Soon Mrs. Bellmore's maid was packing. In two hours the auto would
come to convey her to the station. As Terence was strolling upon the
east piazza, Mrs. Bellmore came up to him, with a confidential sparkle
in her eye.

"I didn't wish to tell the others all of it," she said, "but I will
tell you. In a way, I think you should be held responsible. Can you
guess in what manner that ghost awakened me last night?"

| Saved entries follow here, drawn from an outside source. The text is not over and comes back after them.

Lemma mu_diag_eq a p q : pcoef p =1 pcoef q -> mu_diag a p = mu_diag a q.
Proof.
move=> pq; have supp m : (m \in Defs.support p) = (m \in Defs.support q).
  by rewrite !mem_support pq.
have nil_pq : (Defs.support p == [::]) = (Defs.support q == [::]).
  case: (Defs.support p) (Defs.support q) supp => [|x s] [|y t] // e.
    by have := e y; rewrite mem_head.
  by have := e x; rewrite mem_head.
have [p0|p0] := eqVneq (Defs.support p) [::].
  by rewrite !mu_diag_nil //; apply/eqP; rewrite -nil_pq p0.
have q0 : Defs.support q != [::] by rewrite -nil_pq.
have [mp mpS ep] := mu_diag_attained a p0; have [mq mqS eq] := mu_diag_attained a q0.
apply: Z.le_antisymm; first by rewrite eq; apply: mu_diag_le; rewrite supp.
by rewrite ep; apply: mu_diag_le; rewrite -supp.
Qed.

Lemma wt_madd a m1 m2 : wt a (madd m1 m2) = wt a m1 + wt a m2.
Proof.
rewrite /wt !big_ZaddE -big_split; apply: eq_bigr => i _.
by rewrite ffunE Nat2Z.inj_add Z.mul_add_distr_l.
Qed.

Lemma wt_mzero a : wt a (mzero n) = 0.
Proof. by rewrite /wt big_ZaddE big1 // => i _; rewrite ffunE; lia. Qed.

Lemma wt_munit a i : wt a (munit i) = a i.
Proof.
rewrite /wt big_ZaddE (bigD1 i) //= big1 => [|j /negbTE ji]; rewrite ffunE ?eqxx ?ji /=; lia.
Qed.

Definition sqnorm (a : zvec n) : Z := \sum_j a j * a j.

Lemma znorm_sqnorm a : znorm a = sqrt (IZR (sqnorm a)).
Proof.
rewrite /znorm /sqnorm (big_morph IZR plus_IZR (erefl (IZR 0))).
by congr sqrt; apply: eq_bigr => j _; rewrite mult_IZR.
Qed.

Lemma sqnorm_gt0 a : znontriv a -> Z.lt 0 (sqnorm a).
Proof.
case=> j aj; suff : (0 < sqnorm a)%R by lia.
rewrite /sqnorm (bigD1 j) //=; apply: ltr_pwDl; first by nia.
by apply: sumr_ge0 => i _; rewrite -expr2 sqr_ge0.
Qed.

Lemma DeltaQ_le_of_mu a p q : znontriv a ->
  Z.le (mu_diag a p) (mu_diag a q) -> Rle (DeltaQ p a) (DeltaQ q a).
Proof.
move=> /sqnorm_gt0/IZR_lt/sqrt_lt_R0 a0 pq; rewrite /DeltaQ znorm_sqnorm.
by apply: Rmult_le_compat_r; [exact/Rlt_le/Rinv_0_lt_compat|exact: IZR_le].
Qed.

Lemma mu_diag_gt0 a p : znontriv a -> Rlt 0 (DeltaQ p a) -> Z.lt 0 (mu_diag a p).
Proof.
rewrite /DeltaQ znorm_sqnorm => /sqnorm_gt0/IZR_lt a0 /(div_sqrt_gt0 a0).
exact: lt_IZR.
Qed.

Lemma DeltaQ_le_of_sq p q a b : znontriv a -> znontriv b -> 0 < mu_diag b q ->
  (0 < mu_diag a p ->
    mu_diag a p * mu_diag a p * sqnorm b <= mu_diag b q * mu_diag b q * sqnorm a) ->
  Rle (DeltaQ p a) (DeltaQ q b).
Proof.
move=> nta ntb mub hsq; rewrite /DeltaQ !znorm_sqnorm.
apply: div_sqrt_le; [exact/IZR_lt/sqnorm_gt0|exact/IZR_lt/sqnorm_gt0|apply: IZR_lt; lia|].
by move=> /lt_IZR mua; rewrite -!mult_IZR; apply/IZR_le/Z.leb_le/hsq; lia.
Qed.

Lemma DeltaQ_eq a p q : pcoef p =1 pcoef q -> DeltaQ p a = DeltaQ q a.
Proof. by move=> pq; rewrite /DeltaQ (mu_diag_eq a pq). Qed.
End Weights.

(** * A maximizing cocharacter *)

Section Maximizer.
Variable n : nat.

Definition rvdot (u v : 'rV[rat]_n) : rat := \sum_j u 0 j * v 0 j.

Lemma rvdotDl u v w : rvdot (u + v) w = rvdot u w + rvdot v w.
Proof. by rewrite /rvdot -big_split; apply: eq_bigr => j _; rewrite !mxE mulrDl. Qed.

Lemma rvdotZl t u w : rvdot (t *: u) w = t * rvdot u w.
Proof. by rewrite /rvdot mulr_sumr; apply: eq_bigr => j _; rewrite !mxE mulrA. Qed.

Lemma rvdotZr t u w : rvdot w (t *: u) = t * rvdot w u.
Proof. by rewrite /rvdot mulr_sumr; apply: eq_bigr => j _; rewrite !mxE mulrCA. Qed.

Lemma rvdotC u v : rvdot u v = rvdot v u.
Proof. by apply: eq_bigr => j _; rewrite mulrC. Qed.

Lemma rvdot_ge0 u : 0 <= rvdot u u.
Proof. by apply: sumr_ge0 => j _; rewrite -expr2 sqr_ge0. Qed.

Definition zrow (a : zvec n) : 'rV[rat]_n := \row_j zrat (a j).

Definition centered (m : mono n) : 'rV[rat]_n :=
  \row_j ((m j)%:R - (mdeg m)%:R / n%:R).

Lemma zrat_sqnorm a : zrat (sqnorm a) = rvdot (zrow a) (zrow a).
Proof. by rewrite zrat_sum; apply: eq_bigr => j _; rewrite zratM !mxE. Qed.

Lemma rvdot_centered a m : zsum a = Z0 -> rvdot (zrow a) (centered m) = zrat (wt a m).
Proof.
move=> a0; have suma : \sum_j a j = 0 := a0.
rewrite /rvdot; under eq_bigr => j _ do rewrite !mxE mulrBr.
rewrite sumrB -mulr_suml -zrat_sum suma zrat0 mul0r subr0.
by rewrite /wt big_ZaddE zrat_sum; apply: eq_bigr => j _; rewrite zratM zrat_nat.
Qed.

Lemma rvdot_ones_centered m : (0 < n)%N -> rvdot (const_mx 1) (centered m) = 0.
Proof.
move=> n0; rewrite /rvdot; under eq_bigr => j _ do rewrite !mxE mul1r.
rewrite sumrB sumr_const card_ord -natr_sum -[_ *+ n]mulr_natr mulfVK ?subrr //.
by rewrite pnatr_eq0 -lt0n.
Qed.

Lemma rvdot_ratio_le u h (x y M : rat) : 0 <= x -> x <= rvdot u h -> 0 < M ->
  M * rvdot h h <= y -> x * x * rvdot (M *: h) (M *: h) <= y * y * rvdot u u.
Proof.
move=> x0 xuh M0 My; rewrite rvdotZl rvdotZr.
have := cauchy_schwarz rvdotDl rvdotZl rvdotC rvdot_ge0 u h.
have := rvdot_ge0 u; have := rvdot_ge0 h.
set U := rvdot u u; set H := rvdot h h in My *; set d := rvdot u h in xuh * => H0 U0 dUH.
have xUH : x * x <= U * H by apply: le_trans _ dUH; rewrite expr2 ler_pM.
have MH0 : 0 <= M * H := mulr_ge0 (ltW M0) H0.
have MHy : (M * H) * (M * H) <= y * y by apply: ler_pM.
apply: le_trans (ler_wpM2r (mulr_ge0 (ltW M0) MH0) xUH) _.
have -> : U * H * (M * (M * H)) = U * ((M * H) * (M * H)) by ring.
by rewrite [y * y * U]mulrC ler_wpM2l.
Qed.

Lemma integral_multiple h : 0 < rvdot h h -> \sum_j h 0 j = 0 ->
  exists M, exists2 b, 0 < M & inGammaT b /\ zrow b = M *: h.
Proof.
move=> hpos sum_h; pose d j := denq (h 0 j).
pose b j := Z_of_int (numq (h 0 j) * \prod_(i | i != j) d i).
have M0 : 0 < (\prod_j d j)%:~R :> rat by rewrite ltr0z prodr_gt0 // => j _; exact: denq_gt0.
have hb j : zrat (b j) = (\prod_j d j)%:~R * h 0 j.
  by rewrite /zrat Z_of_intK rmorphM /= numqE [in RHS](bigD1 j) //= rmorphM /=; ring.
exists (\prod_j d j)%:~R, b => //; split; last by apply/rowP => j; rewrite !mxE hb.
split.
  apply: zrat_inj; rewrite zrat0 /zsum big_ZaddE zrat_sum (eq_bigr _ (fun j _ => hb j)).
  by rewrite -mulr_sumr sum_h mulr0.
have [j hj] : exists j, h 0 j != 0.
  apply/existsP; apply: contraTT hpos => /existsPn h0.
  by rewrite /rvdot big1 ?ltxx // => j _; rewrite (eqP (negPn (h0 j))) mul0r.
exists j => bj; move: (hb j); rewrite bj zrat0 => /esym/eqP.
by rewrite mulf_eq0 (gt_eqF M0) (negbTE hj).
Qed.
End Maximizer.
Arguments rvdotDl {n}.
Arguments rvdotZl {n}.
Arguments rvdotC {n}.
Arguments rvdot_ge0 {n}.

Section DeltaMax.
Variables (k : fieldType) (n : nat) (p : fpoly k n).

Let S := Defs.support p.
Let vertex (i : 'I_(size S)) : 'rV[rat]_n := centered (nth (mzero n) S i).

Lemma mu_diag_le_hull a h : in_hull vertex setT h -> zsum a = Z0 ->
  zrat (mu_diag a p) <= rvdot (zrow a) h.
Proof.
move=> hh a0; apply: (dot_hull_ge rvdotDl rvdotZl rvdotC hh) => i _.
by rewrite rvdot_centered // zrat_le; apply/Z.leb_le/mu_diag_le/mem_nth.
Qed.

Lemma DeltaQ_maximizer : (exists2 a0, inGammaT a0 & Rlt 0 (DeltaQ p a0)) ->
  exists2 b, inGammaT b & forall a, inGammaT a -> Rle (DeltaQ p a) (DeltaQ p b).
Proof.
move=> [a0 [a00 nt0] /(mu_diag_gt0 nt0) mu0].
have n0 : (0 < n)%N by case: nt0 => i _; apply: leq_ltn_trans (ltn_ord i).
have Sp : Defs.support p != [::].
  by apply/eqP => /(mu_diag_nil a0) e; move: mu0; rewrite e.
have S0 : (0 < size S)%N by rewrite lt0n size_eq0.
have [h hh hnear] := nearest_point rvdotDl rvdotZl rvdotC rvdot_ge0 vertex (Ordinal S0).
have hpos : 0 < rvdot h h.
  have : 0 < rvdot (zrow a0) h.
    by apply: lt_le_trans (mu_diag_le_hull hh a00); rewrite -zrat0 zrat_lt; lia.
  have := cauchy_schwarz rvdotDl rvdotZl rvdotC rvdot_ge0 (zrow a0) h.
  by have := rvdot_ge0 (zrow a0); nra.
have sum_h : \sum_j h 0 j = 0.
  have -> : \sum_j h 0 j = rvdot (const_mx 1) h by apply: eq_bigr => j _; rewrite mxE mul1r.
  case: hh => c [_ c1 ->]; apply: (dot_comb_const rvdotDl rvdotZl rvdotC _ c1) => i _.
  exact: rvdot_ones_centered.
have [M [b M0 [[b0 ntb] bh]]] := integral_multiple hpos sum_h.
have mub : M * rvdot h h <= zrat (mu_diag b p).
  have [m mS ->] := mu_diag_attained b Sp.
  have mi : (index m S < size S)%N by rewrite index_mem.
  have -> : m = nth (mzero n) S (Ordinal mi) by rewrite /= nth_index.
  by rewrite -rvdot_centered // bh rvdotZl ler_wpM2l ?(ltW M0) // (hnear (Ordinal mi)).
exists b => // a [a_0 nta]; apply: DeltaQ_le_of_sq => //.
  by rewrite -zrat_lt zrat0; apply: lt_le_trans mub; rewrite mulr_gt0.
move=> mua; rewrite -zrat_le !zratM !zrat_sqnorm bh; apply: rvdot_ratio_le => //.
- by rewrite -zrat0 zrat_le ltW.
- exact: mu_diag_le_hull.
Qed.

End DeltaMax.

Section DeltaAbs.
Variables (k : fieldType) (n : nat).
Implicit Types (p : fpoly k n) (a : zvec n).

"Rattled chains," suggested Terence, after some thought, "or groaned?
They usually do one or the other."

"Do you happen to know," continued Mrs. Bellmore, with sudden
irrelevancy, "if I resemble any one of the female relatives of your
restless ancestor, Captain Kinsolving?"

"Don't think so," said Terence, with an extremely puzzled air. "Never
heard of any of them being noted beauties."

"Then, why," said Mrs. Bellmore, looking the young man gravely in the
eye, "should that ghost have kissed me, as I'm sure it did?"

"Heavens!" exclaimed Terence, in wide-eyed amazement; "you don't mean
that, Mrs. Bellmore! Did he actually kiss you?"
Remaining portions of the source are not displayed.